Data for review START

(* The inner word [v] of a code word [lam_i v rho_i] is empty, starts with a
   letter [1_j], or starts with a code word [p]; in the last case
   [lam_i v rho_i = nest p q] for a code word [q]. *)
Definition codes_bare n : seq (seq S) :=
  if n == 2 then [seq [:: lam i; rho i] | i <- enum 'I_M] else [::].
Definition codes_one n := [seq insert_one j w | j <- enum 'I_N, w <- codes n.-1].
Definition codes_nest n :=
  flatten [seq [seq nest p q | p <- codes a, q <- codes (n - a)] | a <- iota 0 n.+1].
Definition codes_decomp n := codes_bare n ++ codes_one n ++ codes_nest n.

Lemma code_decomp n w : is_code w -> size w = n -> w \in codes_decomp n.
Proof.
move=> code_w size_w; have [i [v [w_eq bal_v]]] := code_w.
rewrite /codes_decomp 2!mem_cat; case: v w_eq bal_v => [|[[k|k]|j] v] w_eq bal_v //.
- rewrite /codes_bare -size_w w_eq /=.
  by apply/orP; left; apply: map_f; apply: mem_enum.
- have [u1 [u2 [v_eq bal_u1 bal_u2]]] := dyck_run_split bal_v (leqnn 0).
  set p := lam k :: rcons u1 (rho k); set q := lam i :: rcons u2 (rho i).
  have w_nest : w = nest p q by rewrite w_eq v_eq /= rcons_cat cat_rcons.
  have size_pq : size p + size q = n.
    by rewrite -size_w w_nest /= size_cat addSn addnS.
  apply/orP; right; apply/orP; right; rewrite /codes_nest; apply/flattenP.
  exists [seq nest x y | x <- codes (size p), y <- codes (n - size p)].
    by apply/mapP; exists (size p); rewrite // mem_iota add0n ltnS -size_pq leq_addr.
  rewrite w_nest; apply: allpairs_f; apply/mem_codes.
    by split=> //; exists k, u1.
  by split; [exists i, u2 | rewrite -size_pq addKn].
- apply/orP; right; apply/orP; left.
  have -> : w = insert_one j (lam i :: rcons v (rho i)) by rewrite w_eq.
  apply: allpairs_f; first exact: mem_enum.
  by apply/mem_codes; split; [exists i, v | rewrite -size_w w_eq /= !size_rcons].
Qed.

Lemma decomp_code n w : 0 < n -> w \in codes_decomp n -> is_code w /\ size w = n.
Proof.
move=> n_gt0; rewrite /codes_decomp 2!mem_cat; case/or3P.
- rewrite /codes_bare; case: eqP => [->|] //; case/mapP => i _ ->.
  by split=> //; exists i, [::].
- case/allpairsP => [[j q]] /= [_ /mem_codes [[i [v [-> bal_v]]] size_q] ->].
  split; first by exists i, (Defs.one j :: v).
  by move: size_q; rewrite /= !size_rcons => ->; rewrite prednK.
- case/flattenP => _ /mapP [a a_in ->] /allpairsP [[p q]] /=.
  case=> [/mem_codes [code_p size_p] /mem_codes [[i [v [-> bal_v]]] size_q] ->] /=.
  split.
    exists i, (p ++ v); rewrite rcons_cat; split=> //.
    exact: balanced_cat (code_balanced code_p) bal_v.
  move: a_in size_q; rewrite mem_iota add0n ltnS /= size_cat !size_rcons size_p.
  by move=> a_le size_q; rewrite -addnS size_q subnKC.
Qed.

Definition second_letter_kind (w : seq S) : nat :=
  match w with
  | _ :: inl (inl _) :: _ => 0
  | _ :: inl (inr _) :: _ => 1
  | _ :: inr _ :: _ => 2
  | _ => 3
  end.

Lemma kind_codes_bare n w : w \in codes_bare n -> second_letter_kind w = 1.
Proof. by rewrite /codes_bare; case: eqP => _ //; case/mapP => i _ ->. Qed.

Lemma kind_codes_one n w : w \in codes_one n -> second_letter_kind w = 2.
Proof.
by case/allpairsP => [[j q]] /= [_ /mem_codes [[i [v [-> _]]] _] ->].
Qed.

Lemma kind_codes_nest n w : w \in codes_nest n -> second_letter_kind w = 0.
Proof.
case/flattenP => _ /mapP [a _ ->] /allpairsP [[p q]] /=.
by case=> [/mem_codes [[k [u [-> _]]] _] /mem_codes [[i [v [-> _]]] _] ->].
Qed.

Lemma insert_one_inj j j' q q' :
  is_code q -> is_code q' -> insert_one j q = insert_one j' q' -> (j, q) = (j', q').
Proof. by move=> [i [v [-> _]]] [i' [v' [-> _]]] [-> -> ->]. Qed.

Lemma nest_inj p p' q q' : is_code p -> is_code p' -> is_code q -> is_code q' ->
  nest p q = nest p' q' -> p = p' /\ q = q'.
Proof.
move=> code_p code_p' [i [v [-> _]]] [i' [v' [-> _]]] [-> pv_eq].
have p_eq := code_prefix_free code_p code_p' pv_eq.
by move/eqP: pv_eq; rewrite p_eq eqseq_cat // => /andP [_ /eqP ->].
Qed.

Lemma codes_decomp_uniq n : uniq (codes_decomp n).
Proof.
rewrite /codes_decomp cat_uniq (cat_uniq (codes_one n)); apply/and5P; split.
- rewrite /codes_bare; case: eqP => _ //.
  by rewrite map_inj_uniq ?enum_uniq // => i i' [].
- apply/hasPn => w; rewrite mem_cat => /orP [/kind_codes_one|/kind_codes_nest] kind_w;
    by apply/negP => /kind_codes_bare; rewrite kind_w.
- apply: allpairs_uniq; [exact: enum_uniq | exact: codes_uniq |].
  move=> [j q] [j' q'] /allpairsP [[? ?]] /= [_ /mem_codes [code_q _] [-> ->]].
  by case/allpairsP => [[? ?]] /= [_ /mem_codes [code_q' _] [-> ->]]; apply: insert_one_inj.
- by apply/hasPn => w /kind_codes_nest kind_w; apply/negP => /kind_codes_one; rewrite kind_w.
apply: uniq_flatten_map; first exact: iota_uniq.
- move=> a _; apply: allpairs_uniq; [exact: codes_uniq | exact: codes_uniq |].
  move=> [p q] [p' q'] /allpairsP [[? ?]] /= [/mem_codes [cp _] /mem_codes [cq _] [-> ->]].
  case/allpairsP => [[? ?]] /= [/mem_codes [cp' _] /mem_codes [cq' _] [-> ->]] /= E.
  by have [-> ->] := nest_inj cp cp' cq cq' E.
- move=> a b w _ _ /allpairsP [[p q]] /= [/mem_codes [cp size_p] /mem_codes [cq _] ->].
  case/allpairsP => [[p' q']] /= [/mem_codes [cp' size_p'] /mem_codes [cq' _] E].
  by have [p_eq _] := nest_inj cp cp' cq cq' E; rewrite -size_p -size_p' p_eq.
Qed.

Lemma size_codes_rec n : 0 < n ->
  size (codes n) = (if n == 2 then M else 0) + N * size (codes n.-1)
                   + \sum_(a < n.+1) size (codes a) * size (codes (n - a)).
Proof.
move=> n_gt0.
have codes_perm : perm_eq (codes n) (codes_decomp n).
  apply: uniq_perm; [exact: codes_uniq | exact: codes_decomp_uniq |] => w.
  apply/idP/idP => [/mem_codes [code_w size_w] | /(decomp_code n_gt0) /mem_codes //].
  exact: code_decomp.
rewrite (perm_size codes_perm) /codes_decomp 2!size_cat addnA; congr (_ + _ + _).
- by rewrite /codes_bare; case: eqP => _ //; rewrite size_map size_enum_ord.
- by rewrite size_allpairs size_enum_ord.
rewrite size_flatten /shape -map_comp sumnE big_map.
have -> : iota 0 n.+1 = index_iota 0 n.+1 by rewrite /index_iota subn0.
by rewrite big_mkord; apply: eq_bigr => a _; rewrite /= size_allpairs.
Qed.

End MotzkinCode.

Section PowerSeries.
Local Open Scope ring_scope.
Implicit Types (a b c f h : series) (k : rat).

Lemma psmulC a b n : psmul a b n = psmul b a n.
Proof.
rewrite /psmul (reindex_inj rev_ord_inj); apply: eq_bigr => i _ /=.
by rewrite subSS subKn 1?mulrC // -ltnS.
Qed.

Lemma psmulDl a b c n : psmul (psadd a b) c n = psmul a c n + psmul b c n.
Proof. by rewrite /psmul -big_split; apply: eq_bigr => i _; rewrite mulrDl. Qed.

Lemma psmulZl k a c n : psmul (psscale k a) c n = k * psmul a c n.
Proof. by rewrite /psmul mulr_sumr; apply: eq_bigr => i _; rewrite mulrA. Qed.

Lemma psmul_psC k c n : psmul (psC k) c n = k * c n.
Proof.
rewrite /psmul big_ord_recl big1 ?addr0 ?subn0 // => i _.
by rewrite /psC /= mul0r.
Qed.

Lemma psmul_psX c n : psmul psX c n = if n is m.+1 then c m else 0.
Proof.
rewrite /psmul big_ord_recl /psX /= mul0r add0r.
case: n => [|m]; first by rewrite big_ord0.
rewrite big_ord_recl big1 => [|i _]; last by rewrite /= mul0r.
by rewrite /= mul1r subSS subn0 addr0.
Qed.

Lemma psmul_psXpsX n : psmul psX psX n = (n == 2)%:R.
Proof. by rewrite psmul_psX /psX; case: n => [|[|[|n]]]. Qed.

Data for review END

_Your goal_: Could you restate, word for word, the lines above from the one with "Definition codes_decomp n" to the one with "set p := lam", both included?

_Solution for this problem_:
Definition codes_decomp n := codes_bare n ++ codes_one n ++ codes_nest n.

Lemma code_decomp n w : is_code w -> size w = n -> w \in codes_decomp n.
Proof.
move=> code_w size_w; have [i [v [w_eq bal_v]]] := code_w.
rewrite /codes_decomp 2!mem_cat; case: v w_eq bal_v => [|[[k|k]|j] v] w_eq bal_v //.
- rewrite /codes_bare -size_w w_eq /=.
  by apply/orP; left; apply: map_f; apply: mem_enum.
- have [u1 [u2 [v_eq bal_u1 bal_u2]]] := dyck_run_split bal_v (leqnn 0).
  set p := lam k :: rcons u1 (rho k); set q := lam i :: rcons u2 (rho i).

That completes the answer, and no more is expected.